## [Task brief]
Write out, word for word, every line in the data below from the one containing "rewrite -card_draws -sum1_card" to the one containing "Implicit Types (s t : 'S_l) (i j : 'I_l).", both of them included.

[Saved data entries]
=-=-=

(* For integers $2\leq n\leq\ell$ and $1\leq k\leq n-1$, let $\mathcal{S}_\ell(n,k)$ denote the set of permutations of $[\ell]$ with exactly $\ell-n$ fixed points and exactly $k$ exceedances. Then $|\mathcal{S}_\ell(n,k)|\leq\binom{\ell}{n}\cdot\theta(n,k)$, where \[\theta(n,k)=\begin{cases}1&\text{if }k=1\text{ or }k=n-1,\\ (2k+3)^n&\text{if }2\leq k<n/2,\\ (2n-2k+5)^n&\text{if }n/2\leq k\leq n-2.\end{cases}\]
   Context: A fixed point of a permutation $\sigma$ of $[\ell]$ is an $i$ with $\sigma(i)=i$; an exceedance is an index $i$ with $\sigma(i)>i$, and the number of exceedances of $\sigma$ is $|\{i:\sigma(i)>i\}|$. *)

From mathcomp Require Import all_boot all_fingroup.
Set Implicit Arguments. Unset Strict Implicit. Unset Printing Implicit Defensive.

(* Permutations of [l] = {1..l} are modelled as 'S_l, permutations of 'I_l = {0..l-1}
   (shift by one; fixed points and exceedances are invariant under this shift). *)

Definition fixed_points l (s : 'S_l) : {set 'I_l} := [set i : 'I_l | s i == i].
Definition exceedances l (s : 'S_l) : {set 'I_l} := [set i : 'I_l | (i < s i)%N].

Definition Sset (l n k : nat) : {set 'S_l} :=
  [set s : 'S_l | (#|fixed_points s| == l - n) && (#|exceedances s| == k)].

(* theta(n,k); the condition k < n/2 is written 2k < n (real division) *)
Definition theta (n k : nat) : nat :=
  (if (k == 1) || (k == n - 1) then 1
  else if 2 * k < n then (2 * k + 3) ^ n
  else (2 * n - 2 * k + 5) ^ n)%N.

(* A permutation s is recovered from its deficiencies (s i < i), its exceedances (i < s i), and,
   for each moved point i, the rank of s i among the values still available when i is decoded:
   deficiencies are decoded from left to right, the candidates for s i being the values below i
   not taken by an earlier non-exceedance; exceedances are then decoded from right to left, the
   candidates being the values above i not taken by a non-exceedance or by a later exceedance.
   Both candidate sets have at most k elements, so s is encoded by its support together with a
   word over 2k letters on it, whence |S_l(n,k)| <= C(l,n) (2k)^n.  For k = 1 every rank is 0 and
   the only exceedance is the least moved point, so the support alone determines s.  Conjugating
   by the reversal i |-> l+1-i turns deficiencies into exceedances, which maps S_l(n,k)
   injectively into S_l(n,n-k) and handles k = n-1 and k >= n/2. *)

From mathcomp Require Import all_boot all_fingroup.
From mathcomp Require Import zify.
Set Implicit Arguments. Unset Strict Implicit. Unset Printing Implicit Defensive.

Lemma card_ffun_support (aT rT : finType) (y : rT) n :
  #|[set f : {ffun aT -> rT} | #|y.-support f| == n]| = 'C(#|aT|, n) * #|rT|.-1 ^ n.
Proof.
rewrite -card_draws -sum1_card -sum_nat_cond_const.
rewrite (partition_big (fun f : {ffun aT -> rT} => [set x | f x != y])
           (fun A : {set aT} => #|A| == n)) => [|f]; last by rewrite !inE cardsE.
apply: eq_bigr => A /eqP cardA.
rewrite sum1dep_card -cardA -(cardC1 y) -(card_pffun_on y).
apply: eq_card => f; rewrite !in_set; apply/idP/pfamilyP => [/andP[_ /eqP <-] | [supp_f f_on]].
  by split=> [|x]; [apply/subsetP=> x | ]; rewrite inE.
have <- : [set x | f x != y] = A.
  apply/setP=> x; rewrite inE; apply/idP/idP => [fx | /f_on]; last by rewrite inE.
  exact: (subsetP supp_f).
by rewrite eqxx andbT; apply/eqP/eq_card => x; rewrite inE.
Qed.

Section Rank.
Variable m : nat.
Implicit Types (U : {set 'I_m}) (u v : 'I_m).

Definition rank_in U v := #|[set w in U | w < v]|.

Lemma rank_in_mono U u v : u \in U -> v \in U -> u < v -> rank_in U u < rank_in U v.
Proof.
move=> uU vU uv; apply: proper_card; apply/properP; split.
  by apply/subsetP=> w; rewrite !inE => /andP[-> /ltn_trans->].
by exists u; rewrite !inE ?uU ?uv ?ltnn.
Qed.

Lemma rank_in_inj U u v : u \in U -> v \in U -> rank_in U u = rank_in U v -> u = v.
Proof.
move=> uU vU; case: (ltngtP u v) => [uv|vu|/val_inj//] eq_rank.
- by have := rank_in_mono uU vU uv; rewrite eq_rank ltnn.
- by have := rank_in_mono vU uU vu; rewrite eq_rank ltnn.
Qed.

Lemma rank_in_lt_card U v : v \in U -> rank_in U v < #|U|.
Proof.
move=> vU; apply: proper_card; apply/properP; split.
  by apply/subsetP=> w; rewrite inE => /andP[].
by exists v; rewrite // !inE ltnn andbF.
Qed.

End Rank.

Section Encoding.
Variable l : nat.
Implicit Types (s t : 'S_l) (i j : 'I_l).

Definition deficiencies s : {set 'I_l} := [set i | s i < i].

Definition deficiency_candidates s i : {set 'I_l} :=
  [set j : 'I_l | j < i] :\: s @: [set j : 'I_l | (j < i) && (s j <= j)].

Definition exceedance_candidates s i : {set 'I_l} :=
  [set j : 'I_l | i < j] :\: s @: [set j : 'I_l | (s j <= j) || (i < j)].

Definition deficiency_rank s i := rank_in (deficiency_candidates s i) (s i).
Definition exceedance_rank s i := rank_in (exceedance_candidates s i) (s i).

Lemma mem_deficiency_candidates s i : s i < i -> s i \in deficiency_candidates s i.
Proof. by move=> lt_si; rewrite !inE lt_si (mem_imset _ _ perm_inj) !inE ltnn. Qed.

Lemma mem_exceedance_candidates s i : i < s i -> s i \in exceedance_candidates s i.
Proof.
by move=> lt_is; rewrite !inE lt_is (mem_imset _ _ perm_inj) !inE ltnn orbF -ltnNge lt_is.
Qed.

Lemma card_deficiency_candidates s i : #|deficiency_candidates s i| <= #|exceedances s|.
Proof.
set L := [set j : 'I_l | j < i]; set N := [set j : 'I_l | (j < i) && (s j <= j)].
have sN_L : s @: N \subset L.
  apply/subsetP=> _ /imsetP[j + ->]; rewrite !inE => /andP[ji sj].
  exact: leq_ltn_trans sj ji.
have N_L : N \subset L by apply/subsetP=> j; rewrite !inE => /andP[].
rewrite cardsD (setIidPr sN_L) (card_imset _ perm_inj) -(setIidPr N_L) -cardsD.
apply: subset_leq_card; apply/subsetP=> j.
by rewrite !inE => /andP[+ ji]; rewrite ji -ltnNge.
Qed.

=-=-=

## [Your response]
rewrite -card_draws -sum1_card -sum_nat_cond_const.
rewrite (partition_big (fun f : {ffun aT -> rT} => [set x | f x != y])
           (fun A : {set aT} => #|A| == n)) => [|f]; last by rewrite !inE cardsE.
apply: eq_bigr => A /eqP cardA.
rewrite sum1dep_card -cardA -(cardC1 y) -(card_pffun_on y).
apply: eq_card => f; rewrite !in_set; apply/idP/pfamilyP => [/andP[_ /eqP <-] | [supp_f f_on]].
  by split=> [|x]; [apply/subsetP=> x | ]; rewrite inE.
have <- : [set x | f x != y] = A.
  apply/setP=> x; rewrite inE; apply/idP/idP => [fx | /f_on]; last by rewrite inE.
  exact: (subsetP supp_f).
by rewrite eqxx andbT; apply/eqP/eq_card => x; rewrite inE.
Qed.

Section Rank.
Variable m : nat.
Implicit Types (U : {set 'I_m}) (u v : 'I_m).

Definition rank_in U v := #|[set w in U | w < v]|.

Lemma rank_in_mono U u v : u \in U -> v \in U -> u < v -> rank_in U u < rank_in U v.
Proof.
move=> uU vU uv; apply: proper_card; apply/properP; split.
  by apply/subsetP=> w; rewrite !inE => /andP[-> /ltn_trans->].
by exists u; rewrite !inE ?uU ?uv ?ltnn.
Qed.

Lemma rank_in_inj U u v : u \in U -> v \in U -> rank_in U u = rank_in U v -> u = v.
Proof.
move=> uU vU; case: (ltngtP u v) => [uv|vu|/val_inj//] eq_rank.
- by have := rank_in_mono uU vU uv; rewrite eq_rank ltnn.
- by have := rank_in_mono vU uU vu; rewrite eq_rank ltnn.
Qed.

Lemma rank_in_lt_card U v : v \in U -> rank_in U v < #|U|.
Proof.
move=> vU; apply: proper_card; apply/properP; split.
  by apply/subsetP=> w; rewrite inE => /andP[].
by exists v; rewrite // !inE ltnn andbF.
Qed.

End Rank.

Section Encoding.
Variable l : nat.
Implicit Types (s t : 'S_l) (i j : 'I_l).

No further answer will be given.